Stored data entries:
····················

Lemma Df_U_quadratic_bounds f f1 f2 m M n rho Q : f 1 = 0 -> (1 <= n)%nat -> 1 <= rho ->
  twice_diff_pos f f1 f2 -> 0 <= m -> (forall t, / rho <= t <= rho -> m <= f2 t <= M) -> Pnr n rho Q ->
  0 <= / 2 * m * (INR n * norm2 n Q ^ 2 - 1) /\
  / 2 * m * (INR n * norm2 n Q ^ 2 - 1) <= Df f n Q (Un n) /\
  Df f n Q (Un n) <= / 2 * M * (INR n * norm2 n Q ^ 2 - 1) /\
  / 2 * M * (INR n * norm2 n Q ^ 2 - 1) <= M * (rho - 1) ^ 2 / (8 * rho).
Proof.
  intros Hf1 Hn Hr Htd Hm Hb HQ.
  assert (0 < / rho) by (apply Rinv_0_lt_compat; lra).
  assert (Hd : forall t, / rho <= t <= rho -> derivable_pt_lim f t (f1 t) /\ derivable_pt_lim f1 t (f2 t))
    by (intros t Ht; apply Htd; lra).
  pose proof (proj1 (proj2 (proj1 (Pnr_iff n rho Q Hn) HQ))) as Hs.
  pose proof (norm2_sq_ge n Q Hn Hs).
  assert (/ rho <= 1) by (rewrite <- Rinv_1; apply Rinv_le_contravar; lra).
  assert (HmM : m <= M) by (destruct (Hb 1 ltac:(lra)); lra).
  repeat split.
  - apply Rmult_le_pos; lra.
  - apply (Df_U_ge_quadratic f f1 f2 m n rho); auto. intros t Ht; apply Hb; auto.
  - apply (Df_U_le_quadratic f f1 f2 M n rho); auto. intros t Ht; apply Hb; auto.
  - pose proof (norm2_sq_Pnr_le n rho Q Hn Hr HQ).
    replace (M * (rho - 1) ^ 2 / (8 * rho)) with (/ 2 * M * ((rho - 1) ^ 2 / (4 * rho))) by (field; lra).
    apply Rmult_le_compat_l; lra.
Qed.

····················

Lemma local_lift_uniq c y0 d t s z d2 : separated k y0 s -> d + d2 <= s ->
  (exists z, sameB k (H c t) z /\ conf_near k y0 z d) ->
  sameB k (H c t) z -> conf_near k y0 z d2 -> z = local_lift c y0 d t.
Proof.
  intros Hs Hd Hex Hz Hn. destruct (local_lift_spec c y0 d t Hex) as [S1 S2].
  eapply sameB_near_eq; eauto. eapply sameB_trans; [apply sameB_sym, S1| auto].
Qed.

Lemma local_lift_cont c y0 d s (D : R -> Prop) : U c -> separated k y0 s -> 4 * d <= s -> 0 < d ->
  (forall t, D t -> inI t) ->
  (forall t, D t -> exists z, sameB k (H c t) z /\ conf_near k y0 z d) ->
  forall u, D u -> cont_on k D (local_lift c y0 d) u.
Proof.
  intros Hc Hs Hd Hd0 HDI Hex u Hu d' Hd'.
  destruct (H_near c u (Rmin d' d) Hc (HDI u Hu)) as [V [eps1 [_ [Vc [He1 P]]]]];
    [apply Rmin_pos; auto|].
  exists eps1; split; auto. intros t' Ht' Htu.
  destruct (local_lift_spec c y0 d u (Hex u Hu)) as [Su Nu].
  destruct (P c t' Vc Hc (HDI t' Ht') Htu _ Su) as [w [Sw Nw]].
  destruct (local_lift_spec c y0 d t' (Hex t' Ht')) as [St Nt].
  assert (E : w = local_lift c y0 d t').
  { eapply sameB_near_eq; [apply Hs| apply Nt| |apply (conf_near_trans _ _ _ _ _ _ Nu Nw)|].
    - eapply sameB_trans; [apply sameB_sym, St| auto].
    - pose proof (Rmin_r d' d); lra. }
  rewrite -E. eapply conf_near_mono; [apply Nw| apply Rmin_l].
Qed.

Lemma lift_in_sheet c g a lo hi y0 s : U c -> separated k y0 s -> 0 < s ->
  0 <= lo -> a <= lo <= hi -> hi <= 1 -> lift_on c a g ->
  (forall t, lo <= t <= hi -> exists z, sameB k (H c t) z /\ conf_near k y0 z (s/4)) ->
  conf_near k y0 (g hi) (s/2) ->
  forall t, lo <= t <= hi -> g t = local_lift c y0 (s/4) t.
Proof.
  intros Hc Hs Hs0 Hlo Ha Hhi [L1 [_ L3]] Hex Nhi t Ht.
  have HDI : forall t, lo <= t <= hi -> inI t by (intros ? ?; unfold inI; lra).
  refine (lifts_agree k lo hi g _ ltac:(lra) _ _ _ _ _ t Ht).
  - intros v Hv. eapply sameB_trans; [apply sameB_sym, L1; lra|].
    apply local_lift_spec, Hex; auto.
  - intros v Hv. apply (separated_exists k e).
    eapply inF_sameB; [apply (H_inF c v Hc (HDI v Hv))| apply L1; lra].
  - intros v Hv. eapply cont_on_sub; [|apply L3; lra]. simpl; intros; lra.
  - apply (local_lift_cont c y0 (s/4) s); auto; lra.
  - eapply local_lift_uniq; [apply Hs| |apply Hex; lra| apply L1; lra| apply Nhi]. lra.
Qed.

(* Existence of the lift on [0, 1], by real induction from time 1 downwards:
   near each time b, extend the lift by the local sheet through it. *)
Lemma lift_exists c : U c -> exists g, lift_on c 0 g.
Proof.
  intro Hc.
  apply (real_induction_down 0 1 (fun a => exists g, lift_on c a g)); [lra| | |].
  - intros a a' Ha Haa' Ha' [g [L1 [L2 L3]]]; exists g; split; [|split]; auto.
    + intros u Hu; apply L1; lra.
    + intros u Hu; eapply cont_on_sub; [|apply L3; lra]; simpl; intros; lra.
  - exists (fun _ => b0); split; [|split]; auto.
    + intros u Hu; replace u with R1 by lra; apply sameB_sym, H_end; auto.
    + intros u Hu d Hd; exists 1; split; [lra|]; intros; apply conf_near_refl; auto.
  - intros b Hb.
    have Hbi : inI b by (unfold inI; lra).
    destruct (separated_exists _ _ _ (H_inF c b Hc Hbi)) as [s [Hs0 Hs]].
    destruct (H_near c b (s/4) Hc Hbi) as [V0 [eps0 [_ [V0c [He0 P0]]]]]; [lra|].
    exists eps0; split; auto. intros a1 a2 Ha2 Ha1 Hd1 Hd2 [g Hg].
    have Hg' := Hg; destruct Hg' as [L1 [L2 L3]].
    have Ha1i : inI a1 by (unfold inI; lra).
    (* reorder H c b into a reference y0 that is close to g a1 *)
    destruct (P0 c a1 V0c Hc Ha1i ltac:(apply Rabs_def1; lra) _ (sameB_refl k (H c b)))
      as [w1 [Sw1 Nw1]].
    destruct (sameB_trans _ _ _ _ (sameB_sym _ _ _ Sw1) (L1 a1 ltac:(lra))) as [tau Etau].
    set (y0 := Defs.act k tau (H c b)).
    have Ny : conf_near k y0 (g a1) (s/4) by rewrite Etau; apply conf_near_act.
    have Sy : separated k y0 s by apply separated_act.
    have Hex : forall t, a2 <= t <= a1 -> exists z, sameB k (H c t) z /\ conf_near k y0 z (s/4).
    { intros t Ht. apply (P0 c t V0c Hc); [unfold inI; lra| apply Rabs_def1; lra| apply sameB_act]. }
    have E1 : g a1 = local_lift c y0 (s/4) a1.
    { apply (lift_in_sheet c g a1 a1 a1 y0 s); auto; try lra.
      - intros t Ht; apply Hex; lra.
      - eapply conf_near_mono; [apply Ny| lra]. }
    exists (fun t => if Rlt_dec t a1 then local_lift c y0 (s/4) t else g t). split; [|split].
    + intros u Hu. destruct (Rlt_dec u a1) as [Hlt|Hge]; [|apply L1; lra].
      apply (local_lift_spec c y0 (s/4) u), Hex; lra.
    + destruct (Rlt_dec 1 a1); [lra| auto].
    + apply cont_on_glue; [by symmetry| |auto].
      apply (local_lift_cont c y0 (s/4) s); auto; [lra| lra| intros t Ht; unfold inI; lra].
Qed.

····················

**TASK REQUIREMENTS:** Would you print exactly, and only, the lines of the data above from the line with "- exists (fun" through the line with "destruct (separated_exists _", inclusive?

**SOLUTION FOR THIS PROBLEM:**
  - exists (fun _ => b0); split; [|split]; auto.
    + intros u Hu; replace u with R1 by lra; apply sameB_sym, H_end; auto.
    + intros u Hu d Hd; exists 1; split; [lra|]; intros; apply conf_near_refl; auto.
  - intros b Hb.
    have Hbi : inI b by (unfold inI; lra).
    destruct (separated_exists _ _ _ (H_inF c b Hc Hbi)) as [s [Hs0 Hs]].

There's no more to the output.